No século XIX, o sofrimento da criança tornava-se especialmente palpável, pois este é o momento
por excelência do "enjeitamento" que teve entre as crianças negras do Rio de Janeiro as suas maiores
vítimas (Lima/Venâncio). Na Bahia, no mesmo período, a Lei do Ventre Livre modificava as
relações parentais e o destino das crianças filhas de escravos (Mattoso). Já aos finais do século XIX,
a Roda dos Expostos, instituída pela Santa Casa de Misericórdia promovia uma espécie de
infanticídio maquiado com as crianças abandonadas à sua porta (Moreira Leite). A virada do século
acusa a presença de crianças no trabalho fabril, sofrendo acidentes e distantes de qualquer proteção
da lei (Moura).
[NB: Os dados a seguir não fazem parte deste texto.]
(* For every connected graph $G$, the ordered pair $(O_{\rm SR}(G),O_{\rm R}(G))$ belongs to the set $\{(\mathcal{B},\mathcal{B}),(\mathcal{B},\mathcal{N}),(\mathcal{B},\mathcal{M}),(\mathcal{N},\mathcal{N}),(\mathcal{N},\mathcal{M}),(\mathcal{M},\mathcal{M})\}$.
   Context: All graphs are finite, simple and undirected; $d(x,y)$ is the shortest-path distance. For a connected graph $G$, a set $R\subseteq V(G)$ is a resolving set if for all distinct $x,y\in V(G)$ there is $z\in R$ with $d(x,z)\ne d(y,z)$; a set $S\subseteq V(G)$ is a strong resolving set if for all distinct $x,y\in V(G)$ there exists $z\in S$ such that $x$ lies on a $y$–$z$ geodesic or $y$ lies on an $x$–$z$ geodesic. In the Maker–Breaker resolving game (resp. strong resolving game) on $G$, Maker and Breaker alternately select a not-yet-chosen vertex of $G$; Maker wins if his selected vertices contain a resolving set (resp. strong resolving set) of $G$, and Breaker wins otherwise. In the M-game Maker moves first, in the B-game Breaker moves first. The outcome $O_{\rm R}(G)$ (resp. $O_{\rm SR}(G)$) is $\mathcal{M}$ if Maker has a winning strategy in both the M-game and the B-game, $\mathcal{B}$ if Breaker has a winning strategy in both, and $\mathcal{N}$ if the first player has a winning strategy in each. *)

From mathcomp Require Import all_boot.
Set Implicit Arguments. Unset Strict Implicit. Unset Printing Implicit Defensive.

Section Graphs.
Variables (T : finType) (e : rel T).

Definition simple_graph : Prop := symmetric e /\ irreflexive e.
Definition connected_graph : Prop := forall x y : T, connect e x y.

Fixpoint reach (n : nat) (x y : T) : bool :=
  match n with
  | 0 => x == y
  | n'.+1 => reach n' x y || [exists z, e x z && reach n' z y]
  end.

(* shortest-path distance: least n with a walk of length <= n from x to y
   (in a connected graph every distance is < #|T|, so the default #|T| is
   never attained) *)
Definition dist (x y : T) : nat :=
  \big[minn/#|T|]_(n < #|T| | reach n x y) n.

(* x lies on some y--z geodesic: a walk y = v0, v1, ..., vk = z with
   k = d(y,z) passing through x *)
Definition on_geodesic (x y z : T) : bool :=
  [exists p : (dist y z).-tuple T,
     [&& path e y p, last y p == z & x \in y :: p]].

Definition resolving (R : {set T}) : bool :=
  [forall x, forall y, (x != y) ==> [exists z in R, dist x z != dist y z]].

Definition strong_resolving (S : {set T}) : bool :=
  [forall x, forall y, (x != y) ==>
     [exists z in S, on_geodesic x y z || on_geodesic y x z]].

(* Maker-Breaker game: Maker wins iff his final set contains a set with
   property P. makerWins n maker_to_move M B : Maker has a winning
   strategy from position (M, B) (n is fuel >= number of free vertices). *)
Fixpoint makerWins (P : {set T} -> bool) (n : nat) (maker_to_move : bool)
    (M B : {set T}) : bool :=
  let win := [exists R : {set T}, (R \subset M) && P R] in
  match n with
  | 0 => win
  | n'.+1 =>
    if [forall v, v \in M :|: B] then win
    else if maker_to_move then
      [exists v, (v \notin M :|: B) && makerWins P n' false (v |: M) B]
    else
      [forall v, (v \notin M :|: B) ==> makerWins P n' true M (v |: B)]
  end.

Definition makerWins_Mgame (P : {set T} -> bool) : bool :=
  makerWins P #|T| true set0 set0.
Definition makerWins_Bgame (P : {set T} -> bool) : bool :=
  makerWins P #|T| false set0 set0.

End Graphs.

(* Outcomes. OP (second player wins both games) is included only so that
   the outcome function is total; the theorem asserts it never occurs. *)
Inductive outcome := OB | ON | OM | OP.

Definition game_outcome (mM mB : bool) : outcome :=
  match mM, mB with
  | true, true => OM
  | false, false => OB
  | true, false => ON     (* first player wins each game *)
  | false, true => OP
  end.

Definition O_R (T : finType) (e : rel T) : outcome :=
  game_outcome (@makerWins_Mgame T (resolving e)) (@makerWins_Bgame T (resolving e)).
Definition O_SR (T : finType) (e : rel T) : outcome :=
  game_outcome (@makerWins_Mgame T (strong_resolving e))
               (@makerWins_Bgame T (strong_resolving e)).

From mathcomp Require Import all_boot.

Set Implicit Arguments.
Unset Strict Implicit.
Unset Printing Implicit Defensive.

(* If x lies on a y--z geodesic and x != y, then d(x, z) < d(y, z), so every
   strong resolving set is resolving and a Maker win in the strong resolving
   game yields one in the resolving game: O_SR(G) <= O_R(G) for the order
   B < N < M.  In any Maker-Breaker game an extra vertex never hurts Maker, so
   a Maker win in the B-game yields one in the M-game, which rules out the
   fourth outcome (second player wins).  Neither argument uses simplicity or connectivity of G. *)

Lemma geq_bigmin_seq (I : eqType) (r : seq I) (P : pred I) (F : I -> nat) d i0 :
  i0 \in r -> P i0 -> \big[minn/d]_(i <- r | P i) F i <= F i0.
Proof.
move=> + Pi0; elim: r => // h t IH; rewrite inE big_cons.
move=> /predU1P[<-|i0t]; first by rewrite Pi0 geq_minl.
by case: (P h); [apply: leq_trans (geq_minr _ _) _ |]; apply: IH.
Qed.

Lemma bigmin_leq_idx (I : finType) (P : pred I) (F : I -> nat) d :
  \big[minn/d]_(i | P i) F i <= d.
Proof. by elim/big_rec: _ => // i m _; apply: leq_trans (geq_minr _ _). Qed.

Section Distance.
Variables (T : finType) (e : rel T).

Lemma path_reach (x : T) (p : seq T) : path e x p -> reach e (size p) x (last x p).
Proof.
elim: p x => [|y p IH] x /=; first by rewrite eqxx.
by case/andP=> exy /IH yp; apply/orP; right; apply/existsP; exists y; rewrite exy.
Qed.

Lemma dist_leq_card (x y : T) : dist e x y <= #|T|.
Proof. exact: bigmin_leq_idx. Qed.

Lemma reach_dist_leq n (x y : T) : n < #|T| -> reach e n x y -> dist e x y <= n.
Proof.
move=> lt_nT xy; rewrite /dist.
exact: (geq_bigmin_seq (@nat_of_ord _) _ (mem_index_enum (Ordinal lt_nT))).
Qed.

(* The tail of the geodesic after [x] is a strictly shorter walk from [x] to [z]. *)
Lemma on_geodesic_dist_lt (x y z : T) :
  x != y -> on_geodesic e x y z -> dist e x z < dist e y z.
Proof.
move=> xy /existsP[p /and3P[yp /eqP pz]].
rewrite in_cons (negPf xy) /=; have := size_tuple p.
move: (val p) yp pz => s + + + xs; case/splitPr: xs => s1 s2.
rewrite cat_path last_cat size_cat /= => /andP[_ /andP[_ xs2]] xz Ds.
have lt_s2 : size s2 < dist e y z by rewrite -Ds addnS ltnS leq_addl.
have := path_reach xs2; rewrite xz => /reach_dist_leq le_xz.
exact: leq_ltn_trans (le_xz (leq_trans lt_s2 (dist_leq_card y z))) lt_s2.
Qed.

Lemma strong_resolving_resolving (S : {set T}) :
  strong_resolving e S -> resolving e S.
Proof.
move=> /forallP srS; apply/forallP=> x; apply/forallP=> y; apply/implyP=> xy.
have /existsP[z /andP[zS geo]] := implyP (forallP (srS x) y) xy.
apply/existsP; exists z; rewrite zS neq_ltn.
case/orP: geo => [/(on_geodesic_dist_lt xy)-> //|].
by rewrite eq_sym in xy; move/(on_geodesic_dist_lt xy)->; rewrite orbT.
Qed.

End Distance.

Lemma leq_cardsC_setU1 (T : finType) n (v : T) (A : {set T}) :
  v \notin A -> #|~: A| <= n.+1 -> #|~: (v |: A)| <= n.
Proof.
move=> vA le_An; rewrite -ltnS (leq_trans _ le_An) //; apply: proper_card.
by rewrite properC properUr // sub1set.
Qed.

Section MakerBreaker.
Variables (T : finType) (P : {set T} -> bool).

Definition winning (M : {set T}) : bool := [exists R : {set T}, (R \subset M) && P R].

Lemma winningS (M M' : {set T}) : M \subset M' -> winning M -> winning M'.
Proof.
move=> sMM' /existsP[R /andP[sRM PR]]; apply/existsP; exists R.
by rewrite PR (subset_trans sRM sMM').
Qed.

Lemma makerWinsS n b (M B : {set T}) :
  makerWins P n.+1 b M B =
  if [forall v, v \in M :|: B] then winning M
  else if b then [exists v, (v \notin M :|: B) && makerWins P n false (v |: M) B]
  else [forall v, (v \notin M :|: B) ==> makerWins P n true M (v |: B)].
Proof. by []. Qed.

(* Maker can only ever claim vertices that Breaker does not own yet. *)
Lemma makerWins_winning n b (M B : {set T}) :
  makerWins P n b M B -> winning (M :|: ~: B).
Proof.
elim: n b M B => [|n IH] b M B; first exact/winningS/subsetUl.
rewrite makerWinsS; case: ifP => [_|/negbT/forallPn[v v_free]].
  exact/winningS/subsetUl.
case: b => [/existsP[w /andP[w_free /IH]] | /forallP/(_ v)/implyP/(_ v_free)/IH].
  apply: winningS; rewrite -setUA subUset subxx andbT sub1set !inE.
  by move: w_free; rewrite inE negb_or => /andP[_ ->]; rewrite orbT.
by apply: winningS; rewrite setUS // setCS subsetUr.
Qed.

Lemma makerWins_fuel n b (M B : {set T}) :
  #|~: (M :|: B)| <= n -> makerWins P n.+1 b M B = makerWins P n b M B.
Proof.
elim: n b M B => [|n IH] b M B free_n.
  suff taken : [forall v, v \in M :|: B] by rewrite makerWinsS taken.
  apply/forallP=> v; move: free_n; rewrite leqn0 cards_eq0 => /eqP/setP/(_ v).
  by rewrite !inE => /negbFE.
rewrite [LHS]makerWinsS [RHS]makerWinsS; case: ifP => // _.
case: b; [apply: eq_existsb | apply: eq_forallb] => v;
  case: (boolP (v \notin M :|: B)) => // v_free; rewrite IH //.
  by rewrite -setUA leq_cardsC_setU1.
by rewrite setUCA leq_cardsC_setU1.
Qed.

(* Maker follows his winning strategy from (M, B); whenever it prescribes a
   vertex he already owns in (M', B'), he claims an arbitrary free one instead. *)
Lemma makerWins_mono n b (M B M' B' : {set T}) :
    #|~: (M :|: B)| <= n -> M \subset M' -> B' \subset B ->
    M :|: B \subset M' :|: B' ->
  makerWins P n b M B -> makerWins P n b M' B'.
Proof.
elim: n b M B M' B' => [|n IH] b M B M' B' free_n sMM' sB'B sMB; first exact: winningS.
rewrite [makerWins _ _ _ M' _]makerWinsS.
case: ifP => [/forallP taken' /makerWins_winning | /negbT/forallPn[u u_free']].
  apply: winningS; apply/subsetP=> x; rewrite !inE => /orP[/(subsetP sMM')//|xB].
  by case/setUP: (taken' x) => // /(subsetP sB'B); rewrite (negPf xB).
have free_sub w : w \notin M' :|: B' -> w \notin M :|: B by apply: contra; apply/subsetP.
rewrite makerWinsS ifF; last by apply/negbTE/forallPn; exists u; apply: free_sub.
case: b => [/existsP[v /andP[v_free W]] | /forallP W].
  have [w w_free' vw] : exists2 w, w \notin M' :|: B' & v \in w |: M'.
    case: (boolP (v \in M' :|: B')) => [/setUP[vM'|vB'] | v_free'].
    - by exists u; rewrite // setU1r.
    - by move: v_free; rewrite inE (subsetP sB'B v vB') orbT.
    - by exists v; rewrite ?setU11.
  apply/existsP; exists w; rewrite w_free' /=; apply: IH W => //.
  - by rewrite -setUA leq_cardsC_setU1.
  - by apply/subsetP=> x /setU1P[-> // | /(subsetP sMM') xM']; rewrite setU1r.
  - rewrite -!setUA subUset sub1set (subsetP (setUS _ (subsetUl _ _)) _ vw) /=.
    exact: subset_trans sMB (subsetUr _ _).
apply/forallP=> w; apply/implyP=> w_free'.
apply: IH (implyP (W w) (free_sub w w_free')) => //.
- by rewrite setUCA leq_cardsC_setU1 // free_sub.
- exact: setUS.
- by rewrite !(setUCA _ [set w]) setUS.
Qed.

Lemma makerWins_Bgame_Mgame : makerWins_Bgame P -> makerWins_Mgame P.
Proof.
rewrite /makerWins_Bgame /makerWins_Mgame.
case def_n : #|T| => [//|n] W.
have [v _] : exists v : T, v \in T by apply/card_gt0P; rewrite def_n.
rewrite makerWinsS ifF; last by apply/negbTE/forallPn; exists v; rewrite !inE.
apply/existsP; exists v; rewrite !inE /= -makerWins_fuel.
  by apply: makerWins_mono W; rewrite ?setU0 ?sub0set // setC0 cardsT def_n.
by rewrite !setU0 cardsC1 def_n.
Qed.

End MakerBreaker.

Lemma sub_makerWins (T : finType) (P Q : {set T} -> bool) n b (M B : {set T}) :
  subpred P Q -> makerWins P n b M B -> makerWins Q n b M B.
Proof.
move=> PQ; have win_PQ (A : {set T}) : winning P A -> winning Q A.
  by case/existsP=> R /andP[sRA PR]; apply/existsP; exists R; rewrite sRA PQ.
elim: n b M B => [|n IH] b M B; first exact: win_PQ.
rewrite !makerWinsS; case: ifP => _; first exact: win_PQ.
case: b => [/existsP[v /andP[v_free /IH W]] | /forallP W].
  by apply/existsP; exists v; rewrite v_free W.
by apply/forallP=> v; apply/implyP=> /(implyP (W v))/IH.
Qed.

Lemma game_outcome_pairs (sM sB rM rB : bool) :
  (sB -> sM) -> (rB -> rM) -> (sM -> rM) -> (sB -> rB) ->
  let p := (game_outcome sM sB, game_outcome rM rB) in
  p = (OB, OB) \/ p = (OB, ON) \/ p = (OB, OM) \/
  p = (ON, ON) \/ p = (ON, OM) \/ p = (OM, OM).
Proof.
move=> /implyP + /implyP + /implyP + /implyP.
by case: sM sB rM rB => [] [] [] [] //= *; do ![by left | right].
Qed.

Theorem mainTheorem5 (T : finType) (e : rel T) :
  simple_graph e -> connected_graph e ->
  let p := (O_SR e, O_R e) in
  p = (OB, OB) \/ p = (OB, ON) \/ p = (OB, OM) \/
  p = (ON, ON) \/ p = (ON, OM) \/ p = (OM, OM).
Proof.
move=> _ _; have sub_SR_R := @strong_resolving_resolving T e.
apply: game_outcome_pairs.
- exact: makerWins_Bgame_Mgame.
- exact: makerWins_Bgame_Mgame.
- exact: sub_makerWins sub_SR_R.
- exact: sub_makerWins sub_SR_R.
Qed.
A Primeira República marca a entrada em cena do conceito de menoridade e
adensam-se as relações entre Estado e Sociedade para disciplinar o menor (Londono), até que a
FUNABEM e a FEBEM, encarnando o Estado-preceptor, passam a ditar regras sobre a
marginalização do menor abandonado (Passetti).

Do período colonial à República dos anos 30 assistimos ao desenrolar e ao desdobramento desses


assuntos complementares, anotando que se a criança é o grande ausente da História, ela é, por um
paradoxo, o seu motor. Ela é o adulto em gestação. Apenas estudando a infância e compreendendo
as distorções a que esteve submetida, teremos condições de transformar o futuro das crianças
brasileiras. E de nos transformar através delas.

História da Criança no Brasil quer ser uma contribuição na tarefa de reconstituir o difícil caminho
que a sociedade brasileira tem percorrido para reconhecer, na criança, um ser autônomo e digno.
Caminho este, que supõe de nós adultos, a renúncia a nossa natural onipotência.

Mary Del Priore e Fernando Londono

In PRIORE, M. (Org) História da criança no Brasil. São Paulo: Contexto, 1991.